Decentralization, Governance, and the Future

what is terra

Terraform Labs is a Korean blockchain enterprise founded by serial entrepreneurs Daniel Shin and Do Kwon. Terra’s two key ecosystem components are its stablecoins, known as “Terra currencies,” and its governance and utility token, LUNA. The balance of these two components is meant to be analogous to the way the Earth (Terra in Latin) and the Moon (Luna in Latin) rely on each other for gravitational stability and rotation. Stablecoins are assets pegged to the price of a single asset, typically a fiat currency such as the dollar. john bull news and general interest magazines for sale The first generation of stablecoins, such as Tether, maintain their price using a basket of assets including fiat reserves.

Voting process​

If a loan falls under its loan-to-value ratio (LTV), it will be liquidated. Anchor targets to reach its so-called Anchor Rate as an interest rate objective. To do so, its smart contract dynamically divides block rewards from collateral bAssets between borrower and depositor. The Terra ecosystem has several notable protocols based on the UST stablecoin, particularly in the DeFi space. At the end of September 2021, Terra launched an upgrade called Columbus-5.

LUNA is also a governance token, and grants holders voting power over the protocol. The LUNA token serves as a volatility absorption tool that also captures rewards through seigniorage and transaction fees. When demand for Terra currencies increases, the system mints Terra currencies, earns LUNA in return, and then burns a portion of the earned LUNA, making the affiliate program ufxaffiliates supply scarcer.

In essence, Terra stablecoins maintain price stability by leveraging market forces. When the value of one UST is below that of $1, users and arbitrageurs can burn one UST to get $1 worth of LUNA. When the value of one UST is above $1 dollar, they can burn $1 worth of LUNA to get novelty coins for sale one UST, collecting the “seigniorage” in the process. TerraUSD (UST), produced by Terraform Labs, is one such algorithmic stablecoin.

  1. But some advocates of decentralization argue that a centralized entity maintaining a basket of real-world assets introduces a single point of failure into the system.
  2. Users can find their airdropped Luna by viewing the same wallet address that was present during either snapshot and switching their Station network to the phoenix-1 mainnet.
  3. If a loan falls under its loan-to-value ratio (LTV), it will be liquidated.
  4. At the same time, the “stick” is the threat of getting “slashed” or losing the staked LUNA in the case of misconduct.
  5. You can also use Terra coins across blockchains through Terraform Labs’ Mirror Protocol, which provides stocks that mirror the price of major U.S. firms.

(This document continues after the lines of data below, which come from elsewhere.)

(* Let $n\ge1$, $N=\{1,\dots,n\}$, $A=(a_{ij})\in[0,1]^{n\times n}$, $b=(b_1,\dots,b_n)$ with $b_i>0$, assume $\check\alpha_j\le1$ for all $j\in N$, and let $\lambda\in[0,+\infty)$. If for every $p=(p_1,\dots,p_n)\in P$ the system $$\begin{cases} x_j=d_{0j}=1 & \text{for all } j\in N^*,\\ d_{(p_j-1)j}\le x_j\le d_{p_jj} & \text{for all } j\in N\setminus N^*,\\ \sum_{j\in N^*}a_{ij}+\sum_{j\in N\setminus N^*}\big[\gamma_{ij}\,x_j+(1-\gamma_{ij})\,a_{ij}\big]\ge b_i & \text{for all } i\in N,\\ \sum_{j\in N^*}a_{ij}+\sum_{j\in N\setminus N^*}\big[\gamma_{ij}\,x_j+(1-\gamma_{ij})\,a_{ij}\big]=\lambda x_i & \text{for all } i\in N\end{cases}$$ has no solution $x\in[0,1]^n$, then $V^*(A,\lambda)=\emptyset$.
   Context: $\theta=(0,\dots,0)$. For $x\in[0,1]^n$, $(A\odot x^T)_i=\sum_{j\in N}\min\{a_{ij},x_j\}$. $V^*(A,\lambda)=\{x\in[0,1]^n: (A\odot x^T)_i\ge b_i \text{ and } (A\odot x^T)_i=\lambda x_i \text{ for all } i\in N,\ x\neq\theta\}$. $\check\alpha_j=\max\big(\{0\}\cup\{b_i-\sum_{k\in N\setminus\{j\}}a_{ik}: i\in N\}\big)$. $D_j=\{d_{0j}<\dots<d_{l_jj}\}$ is the set $\{\check\alpha_j\}\cup\{a_{ij}: i\in N,\ a_{ij}\ge\check\alpha_j\}\cup\{1\}$ listed increasingly. $N^*=\{j\in N:\check\alpha_j=1\}$; $P_j=\{0\}$ for $j\in N^*$ and $P_j=\{1,\dots,l_j\}$ (indices with $d_{pj}>\check\alpha_j$) for $j\in N\setminus N^*$; $P=P_1\times\dots\times P_n$. For $p\in P$, $i\in N$, $j\in N\setminus N^*$: $\gamma_{ij}=1$ if $d_{p_jj}\le a_{ij}$ and $\gamma_{ij}=0$ if $a_{ij}\le d_{(p_j-1)j}$. *)

From HB Require Import structures.
From mathcomp Require Import all_boot all_order all_algebra.
From mathcomp Require Import reals.
Set Implicit Arguments. Unset Strict Implicit. Unset Printing Implicit Defensive.
Import Order.TTheory GRing.Theory Num.Theory.
Local Open Scope ring_scope.

Section MaxMin.
Variables (R : realType) (n : nat).
Implicit Types (A : 'M[R]_n) (b x : 'rV[R]_n) (lam : R) (p : 'I_n -> nat).

Definition maxmin A x (i : 'I_n) : R := \sum_(j < n) Num.min (A i j) (x 0 j).

Definition in_Vstar A b lam x : Prop :=
  (forall j, 0 <= x 0 j <= 1) /\
  (forall i, b 0 i <= maxmin A x i /\ maxmin A x i = lam * x 0 i) /\
  x != 0.

Definition alpha_check A b (j : 'I_n) : R :=
  \big[Num.max/0]_(i < n) (b 0 i - \sum_(k < n | k != j) A i k).

Definition Dseq A b (j : 'I_n) : seq R :=
  sort <=%R (undup (alpha_check A b j :: 1 ::
     [seq A i j | i <- enum 'I_n & alpha_check A b j <= A i j])).

Definition dd A b (k : nat) (j : 'I_n) : R := nth 0 (Dseq A b j) k.

Definition ll A b (j : 'I_n) : nat := (size (Dseq A b j)).-1.

Definition Nstar A b (j : 'I_n) : bool := alpha_check A b j == 1.

Definition inP A b p : Prop :=
  forall j, if Nstar A b j then p j = 0%N else (1 <= p j <= ll A b j)%N.

(* gamma_ij : 1 if d_{p_j j} <= a_ij, 0 otherwise (then a_ij <= d_{(p_j-1)j}) *)
Definition gamma A b p (i j : 'I_n) : R :=
  if dd A b (p j) j <= A i j then 1 else 0.

Definition lhs A b p x (i : 'I_n) : R :=
  \sum_(j < n | Nstar A b j) A i j +
  \sum_(j < n | ~~ Nstar A b j)
      (gamma A b p i j * x 0 j + (1 - gamma A b p i j) * A i j).

Definition solves_system A b lam p x : Prop :=
  (forall j, 0 <= x 0 j <= 1) /\
  (forall j, Nstar A b j -> x 0 j = dd A b 0 j /\ dd A b 0 j = 1) /\
  (forall j, ~~ Nstar A b j ->
       dd A b (p j).-1 j <= x 0 j <= dd A b (p j) j) /\
  (forall i, b 0 i <= lhs A b p x i) /\
  (forall i, lhs A b p x i = lam * x 0 i).

End MaxMin.

From HB Require Import structures.
From mathcomp Require Import all_boot all_order all_algebra.
From mathcomp Require Import reals.
Import Order.TTheory GRing.Theory Num.Theory.
Local Open Scope ring_scope.

(* Let x be in V*(A, lam). Since b_i <= x_j + sum_(k != j) a_ik for every i,
   x_j >= check-alpha_j, so x_j = 1 when j is in N*, and otherwise x_j lies in
   some gap [d_(p_j - 1)j, d_(p_j)j] between consecutive points of D_j. As no
   a_ij >= check-alpha_j falls strictly inside that gap, min(a_ij, x_j) is x_j
   when gamma_ij = 1 and a_ij when gamma_ij = 0. Hence the left-hand sides of
   the system for p are exactly (A (.) x^T)_i, and x solves that system. *)

Section SortedBracket.
Context {disp : Order.disp_t} {T : orderType disp}.
Local Open Scope order_scope.

Lemma min_bracket {a y hi : T} :
  y <= hi -> (a < hi -> a <= y) -> Order.min a y = if hi <= a then y else a.
Proof.
move=> y_le_hi gap; case: ifPn => [hi_le_a | ].
  by rewrite min_r // (le_trans y_le_hi hi_le_a).
by rewrite -ltNge => /gap /min_l.
Qed.

Variables (x0 : T) (s : seq T).
Hypothesis s_sorted : sorted <=%O s.

Lemma sorted_nth_le i j :
  (i <= j)%N -> (j < size s)%N -> nth x0 s i <= nth x0 s j.
Proof.
move=> le_ij lt_js; apply: (sorted_leq_nth le_trans lexx) => //.
by rewrite inE (leq_ltn_trans le_ij lt_js).
Qed.

Lemma sorted_bracket y :
  nth x0 s 0 <= y -> has (>= y) (behead s) ->
  exists k, [/\ (1 <= k <= (size s).-1)%N, nth x0 s k.-1 <= y,
    y <= nth x0 s k & {in s, forall z, z < nth x0 s k -> z <= nth x0 s k.-1}].
Proof.
move=> s0_le_y has_y; set k := find (>= y) (behead s).
have lt_k : (k < (size s).-1)%N by rewrite -size_behead -has_find.
exists k.+1; split => //=.
- case Ek: k => [|k'] //=.
  have /(before_find x0) : (k' < k)%N by rewrite Ek.
  by rewrite nth_behead -Ek => /negbT; rewrite -ltNge => /ltW.
- by rewrite -nth_behead; exact: (nth_find x0 has_y).
- move=> z z_s; rewrite -(nth_index x0 z_s).
  have lt_zs : (index z s < size s)%N by rewrite index_mem.
  have [le_zk | lt_kz] := leqP (index z s) k.
    move=> _; apply: sorted_nth_le => //.
    exact: leq_trans lt_k (leq_pred _).
  by rewrite ltNge sorted_nth_le.
Qed.

End SortedBracket.

Section VstarSolvesSystem.
Context {R : realType} {n : nat} {A : 'M[R]_n} {b : 'rV[R]_n}.
Hypothesis A01 : forall i j, 0 <= A i j <= 1.
Hypothesis alpha_check_le1 : forall j, alpha_check A b j <= 1.

Lemma alpha_check_le (x : 'rV[R]_n) j :
  0 <= x 0 j -> (forall i, b 0 i <= maxmin A x i) -> alpha_check A b j <= x 0 j.
Proof.
move=> x_ge0 b_le; apply: (big_ind (fun y => y <= x 0 j)) => // [u v|i _].
  by rewrite ge_max => -> ->.
rewrite lerBlDr (le_trans (b_le i)) // /maxmin (bigD1 j) //=.
by rewrite lerD ?ge_min ?lexx ?orbT // ler_sum // => k _; rewrite ge_min lexx.
Qed.

Lemma Dseq_sorted j : sorted <=%R (Dseq A b j).
Proof. exact/sort_sorted/le_total. Qed.

Lemma alpha_check_in_Dseq j : alpha_check A b j \in Dseq A b j.
Proof. by rewrite mem_sort mem_undup inE eqxx. Qed.

Lemma one_in_Dseq j : 1 \in Dseq A b j.
Proof. by rewrite mem_sort mem_undup !inE eqxx orbT. Qed.

Lemma entry_in_Dseq {i j} : alpha_check A b j <= A i j -> A i j \in Dseq A b j.
Proof.
move=> alpha_le; rewrite mem_sort mem_undup !inE; apply/or3P/Or33.
by apply: map_f; rewrite mem_filter alpha_le mem_enum.
Qed.

Lemma mem_Dseq {j y} : y \in Dseq A b j -> alpha_check A b j <= y <= 1.
Proof.
rewrite mem_sort mem_undup !inE.
case/or3P => [/eqP-> | /eqP-> | /mapP[i]]; rewrite ?lexx ?alpha_check_le1 //.
rewrite mem_filter => /andP[alpha_le _] ->.
by rewrite alpha_le; case/andP: (A01 i j).
Qed.

Lemma dd0 j : dd A b 0 j = alpha_check A b j.
Proof.
have Dj_gt0 : (0 < size (Dseq A b j))%N.
  by case: (Dseq A b j) (alpha_check_in_Dseq j).
apply/le_anti; rewrite (andP (mem_Dseq (mem_nth 0 Dj_gt0))).1 andbT.
rewrite /dd -[leRHS](nth_index 0 (alpha_check_in_Dseq j)).
by apply: sorted_nth_le; rewrite ?Dseq_sorted ?index_mem ?alpha_check_in_Dseq.
Qed.

Lemma Dseq_bracket j y :
  ~~ Nstar A b j -> alpha_check A b j <= y <= 1 ->
  exists k, [/\ (1 <= k <= ll A b j)%N, dd A b k.-1 j <= y, y <= dd A b k j &
    forall i, A i j < dd A b k j -> A i j <= y].
Proof.
move=> notNj /andP[alpha_le_y y_le1].
have has_y : has (>= y) (behead (Dseq A b j)).
  apply/hasP; exists 1 => //; move: (one_in_Dseq j) (dd0 j) notNj.
  rewrite /dd /Nstar; case: (Dseq A b j) => [|d0 ds] //=.
  by rewrite inE => /orP[/eqP<- <-|//]; rewrite eqxx.
have [|k [k_range lo_le_y y_le_hi gap]] :=
  sorted_bracket 0 _ (Dseq_sorted j) y _ has_y.
  by rewrite -/(dd A b 0 j) dd0.
exists k; split=> // i lt_hi.
have [alpha_le_a | a_lt_alpha] := leP (alpha_check A b j) (A i j).
  exact: le_trans (gap _ (entry_in_Dseq alpha_le_a) lt_hi) lo_le_y.
exact: ltW (lt_le_trans a_lt_alpha alpha_le_y).
Qed.

Lemma lhs_eq_maxmin p (x : 'rV[R]_n) :
  (forall j, Nstar A b j -> x 0 j = 1) ->
  (forall j, ~~ Nstar A b j -> x 0 j <= dd A b (p j) j /\
     forall i, A i j < dd A b (p j) j -> A i j <= x 0 j) ->
  forall i, lhs A b p x i = maxmin A x i.
Proof.
move=> x_Nstar x_bracket i; rewrite /lhs /maxmin [RHS](bigID (Nstar A b)) /=.
congr (_ + _); apply: eq_bigr => j Nj.
  by rewrite x_Nstar // min_l //; case/andP: (A01 i j).
have [x_le_hi gap] := x_bracket j Nj.
rewrite (min_bracket x_le_hi (gap i)) /gamma.
by case: ifP => _; rewrite ?(mul1r, mul0r, subrr, subr0, addr0, add0r).
Qed.

Lemma in_Vstar_solves_system {lam : R} {x : 'rV[R]_n} :
  in_Vstar A b lam x -> exists p, inP A b p /\ solves_system A b lam p x.
Proof.
move=> [x01 [x_sys _]].
have alpha_le_x j : alpha_check A b j <= x 0 j.
  by apply: alpha_check_le => [|i]; [case/andP: (x01 j) | case: (x_sys i)].
have x_Nstar j : Nstar A b j -> x 0 j = 1.
  move=> /eqP alpha1; apply/le_anti.
  by rewrite (andP (x01 j)).2 -alpha1 alpha_le_x.
have bracket_ex j : exists k, if Nstar A b j then k = 0%N else
    [/\ (1 <= k <= ll A b j)%N, dd A b k.-1 j <= x 0 j, x 0 j <= dd A b k j &
        forall i, A i j < dd A b k j -> A i j <= x 0 j].
  case: (boolP (Nstar A b j)) => [_ | notNj]; first by exists 0%N.
  by apply: Dseq_bracket; rewrite // alpha_le_x (andP (x01 j)).2.
have [p p_spec] := fin_all_exists bracket_ex.
have lhsE i : lhs A b p x i = maxmin A x i.
  apply: lhs_eq_maxmin => // j /negbTE notNj.
  by move: (p_spec j); rewrite notNj => -[].
exists p; split=> [j | ].
  by move: (p_spec j); case: ifP => // _ [].
split; last split; last split; last split.
- exact: x01.
- by move=> j Nj; rewrite x_Nstar // dd0 (eqP Nj).
- move=> j /negbTE notNj.
  by move: (p_spec j); rewrite notNj => -[_ -> ->].
- by move=> i; rewrite lhsE; case: (x_sys i).
- by move=> i; rewrite lhsE; case: (x_sys i).
Qed.

End VstarSolvesSystem.

Theorem theorem4p2 (R : realType) (n : nat) (A : 'M[R]_n) (b : 'rV[R]_n)
  (lam : R) :
  (0 < n)%N ->
  (forall i j, 0 <= A i j <= 1) ->
  (forall i, 0 < b 0 i) ->
  (forall j, alpha_check A b j <= 1) ->
  0 <= lam ->
  (forall p : 'I_n -> nat, inP A b p ->
     ~ exists x : 'rV[R]_n, solves_system A b lam p x) ->
  forall x : 'rV[R]_n, ~ in_Vstar A b lam x.
Proof.
move=> _ A01 _ alpha_check_le1 _ no_solution x x_Vstar.
have [p [p_in_P x_solves]] :=
  in_Vstar_solves_system A01 alpha_check_le1 x_Vstar.
exact: no_solution p p_in_P (ex_intro _ x x_solves).
Qed.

Once accepted, the changes described in a governance proposal are automatically put into effect by the proposal handler. Generic proposals, such as a passed TextProposal, must be reviewed by the Terra team and community, and they must be manually implemented. Treasury Secretary Janet Yellen cited UST’s collapse as yet another reason that stablecoins need to be regulated in 2022. If a proposal fails to meet the minimum deposit amount within the deposit period, the proposal will not enter the voting period, and the deposit will be refunded. Generally, the terms bonding, staking, and delegating can be used interchangeably, as they happen in the same step.

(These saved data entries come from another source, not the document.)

(* Fix a total number $N_{\text{total}} > 0$ of collected data samples, split into $N_{\text{total}}/E_L$ episodes each of fixed length $E_L \in \{1,2,\dots\}$. Let $P_s(l)$ be the probability that the state at interaction step $l$ of an episode is secure (independent of $E_L$), let $N_s(E_L) = \frac{N_{\text{total}}}{E_L}\sum_{l=1}^{E_L} P_s(l)$ be the expected number of secure state visits over all episodes, $N_d(E_L) = N_{\text{total}} - N_s(E_L)$ the expected number of dead-end state visits, and $P_d(E_L) = N_d(E_L)/N_{\text{total}}$ the probability of visiting dead-end states. Then reducing $E_L$ causes $P_d$ to decrease or remain unchanged: $P_d(E_L) \le P_d(E_L+1)$ for every $E_L \ge 1$.
   Context: A dead-end state is a state from which, once reached at some step of a trajectory, no policy can lead to the goal state at any later step; a secure state is a state that is not a dead-end state. The dead-end set is absorbing along trajectories, so that $P_s(l) = \prod_{k=1}^{l}(1-P_d(k))$ with per-step dead-end probabilities $P_d(k)\in[0,1]$; in particular $P_s$ is non-increasing in $l$. *)

From mathcomp Require Import all_boot all_order all_algebra.
Set Implicit Arguments. Unset Strict Implicit. Unset Printing Implicit Defensive.
Import Order.TTheory GRing.Theory Num.Theory.
Local Open Scope ring_scope.

(* Per-step dead-end probabilities pd : nat -> R (step k >= 1).
   Probability that the state at step l of an episode is secure:
   P_s(l) = prod_{k=1}^{l} (1 - P_d(k)). *)
Definition Ps {R : realFieldType} (pd : nat -> R) (l : nat) : R :=
  \prod_(1 <= k < l.+1) (1 - pd k).

Definition Ns {R : realFieldType} (Ntotal : R) (pd : nat -> R) (EL : nat) : R :=
  Ntotal / EL%:R * \sum_(1 <= l < EL.+1) Ps pd l.

Definition Nd {R : realFieldType} (Ntotal : R) (pd : nat -> R) (EL : nat) : R :=
  Ntotal - Ns Ntotal pd EL.

Definition Pd_visit {R : realFieldType} (Ntotal : R) (pd : nat -> R) (EL : nat) : R :=
  Nd Ntotal pd EL / Ntotal.

From mathcomp Require Import all_boot all_order all_algebra.
From mathcomp Require Import lra.
Set Implicit Arguments. Unset Strict Implicit. Unset Printing Implicit Defensive.
Import Order.TTheory GRing.Theory Num.Theory.
Local Open Scope ring_scope.

(* [Pd_visit] is one minus the running mean of the secure-state probabilities
   [Ps], and [Ps], a product of more and more factors in [0, 1], is
   non-increasing.  The
   running mean of a non-increasing sequence is itself non-increasing: appending
   a term no larger than every previous one cannot raise the mean. *)

Section RunningMean.

Variable R : realFieldType.

Definition running_mean (u : nat -> R) (n : nat) : R :=
  (\sum_(1 <= l < n.+1) u l) / n%:R.

Lemma running_mean_nonincreasing (u : nat -> R) (n : nat) :
  {homo u : i j / (i <= j)%N >-> j <= i} -> (1 <= n)%N ->
  running_mean u n.+1 <= running_mean u n.
Proof.
move=> u_noninc n_gt0; rewrite /running_mean big_nat_recr //=.
set S := \sum_(1 <= l < n.+1) u l.
have last_le_sum : n%:R * u n.+1 <= S.
  have -> : n%:R * u n.+1 = \sum_(1 <= l < n.+1) u n.+1.
    by rewrite sumr_const_nat subn1 mulr_natl.
  by apply: ler_sum_nat => i /andP[_ lt_in]; apply/u_noninc/ltnW.
rewrite ler_pdivrMr ?ltr0n // mulrAC ler_pdivlMr ?ltr0n // mulrSr.
lra.
Qed.

End RunningMean.

Section SecureProbability.

Variables (R : realFieldType) (pd : nat -> R).
Hypothesis pd_prob : forall k, 0 <= pd k <= 1.

Lemma PsS l : Ps pd l.+1 = Ps pd l * (1 - pd l.+1).
Proof. by rewrite /Ps big_nat_recr. Qed.

Lemma Ps_ge0 l : 0 <= Ps pd l.
Proof.
by apply: prodr_ge0 => k _; have /andP[_ pd_le1] := pd_prob k; rewrite subr_ge0.
Qed.

Lemma Ps_nonincreasing : {homo Ps pd : l m / (l <= m)%N >-> m <= l}.
Proof.
move=> l; elim=> [|m IHm]; first by rewrite leqn0 => /eqP ->.
rewrite leq_eqVlt => /orP[/eqP -> //|]; rewrite ltnS => le_lm.
apply: le_trans (IHm le_lm); rewrite PsS -[leRHS]mulr1 ler_wpM2l ?Ps_ge0 //.
by have /andP[pd_ge0 _] := pd_prob m.+1; rewrite lerBlDr lerDl.
Qed.

End SecureProbability.

Lemma Pd_visitE (R : realFieldType) (Ntotal : R) (pd : nat -> R) (EL : nat) :
  Ntotal != 0 -> Pd_visit Ntotal pd EL = 1 - running_mean (Ps pd) EL.
Proof.
move=> N_neq0; rewrite /Pd_visit /Nd /Ns /running_mean.
by rewrite mulrBl divff // mulrAC [Ntotal / _ / _]mulrAC divff // mul1r mulrC.
Qed.

Theorem corollary1 (R : realFieldType) (Ntotal : R) (pd : nat -> R)
  (hN : 0 < Ntotal) (hpd : forall k : nat, 0 <= pd k <= 1)
  (EL : nat) (hEL : (1 <= EL)%N) :
  Pd_visit Ntotal pd EL <= Pd_visit Ntotal pd EL.+1.
Proof.
rewrite !Pd_visitE ?gt_eqF // lerD2l lerN2.
exact: running_mean_nonincreasing (Ps_nonincreasing hpd) hEL.
Qed.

This added functionality for the Inter Blockchain Communication (IBC) protocol, which allowed Terra to become interoperable with other blockchains. Standouts include an insurance protocol called Ozone, and support for UST from cross-blockchain bridge Wormhole V2. In addition to using the assets for some service or utility, there’s a potential arbitrage opportunity.

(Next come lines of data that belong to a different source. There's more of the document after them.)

Definition nondisturbing (ctx : {set {set X}})
    (p : {set X} -> {ffun X -> bool} -> R) : Prop :=
  forall C C', C \in ctx -> C' \in ctx ->
    forall t, t \in sections (C :&: C') ->
      marginal p C (C :&: C') t = marginal p C' (C :&: C') t.

(* Logical noncontextuality: there is pbar : O^X -> {0,1} with
   max { pbar t | t|_C = s } = bar p_C (s) for all contexts C, s in O^C. *)
Definition logically_noncontextual (ctx : {set {set X}})
    (p : {set X} -> {ffun X -> bool} -> R) : Prop :=
  exists pbar : {ffun X -> bool} -> bool,
    forall C, C \in ctx -> forall s, s \in sections C ->
      [exists t, pbar t && (restr C t == s)] = (0 < p C s).

Definition logically_contextual (ctx : {set {set X}})
    (p : {set X} -> {ffun X -> bool} -> R) : Prop :=
  ~ logically_noncontextual ctx p.

Definition qprob (p : {set X} -> {ffun X -> bool} -> R) (m : nat)
    (N : nat -> X) (r : nat) (x y : bool) : R :=
  let u := N (r %% m)%N in let v := N ((r + 1) %% m)%N in
  \sum_(s in sections [set u; v] | (s u == x) && (s v == y)) p [set u; v] s.

End Scenario.

From mathcomp Require Import all_boot all_order all_algebra.
From mathcomp Require Import zify.
From Stdlib Require Import Classical.
Set Implicit Arguments. Unset Strict Implicit. Unset Printing Implicit Defensive.
Import Order.TTheory GRing.Theory Num.Theory.
Local Open Scope ring_scope.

Delegators stake their Luna to a validator, adding to a validator’s weight, or total stake. In return, delegators receive a portion of transaction fees as staking rewards. While Terra is still primarily developed and maintained by Terraform Labs, LUNA token holders can participate in governance through staking. Terra validators can submit protocol improvement proposals and vote on changes using their staked LUNA as voting power.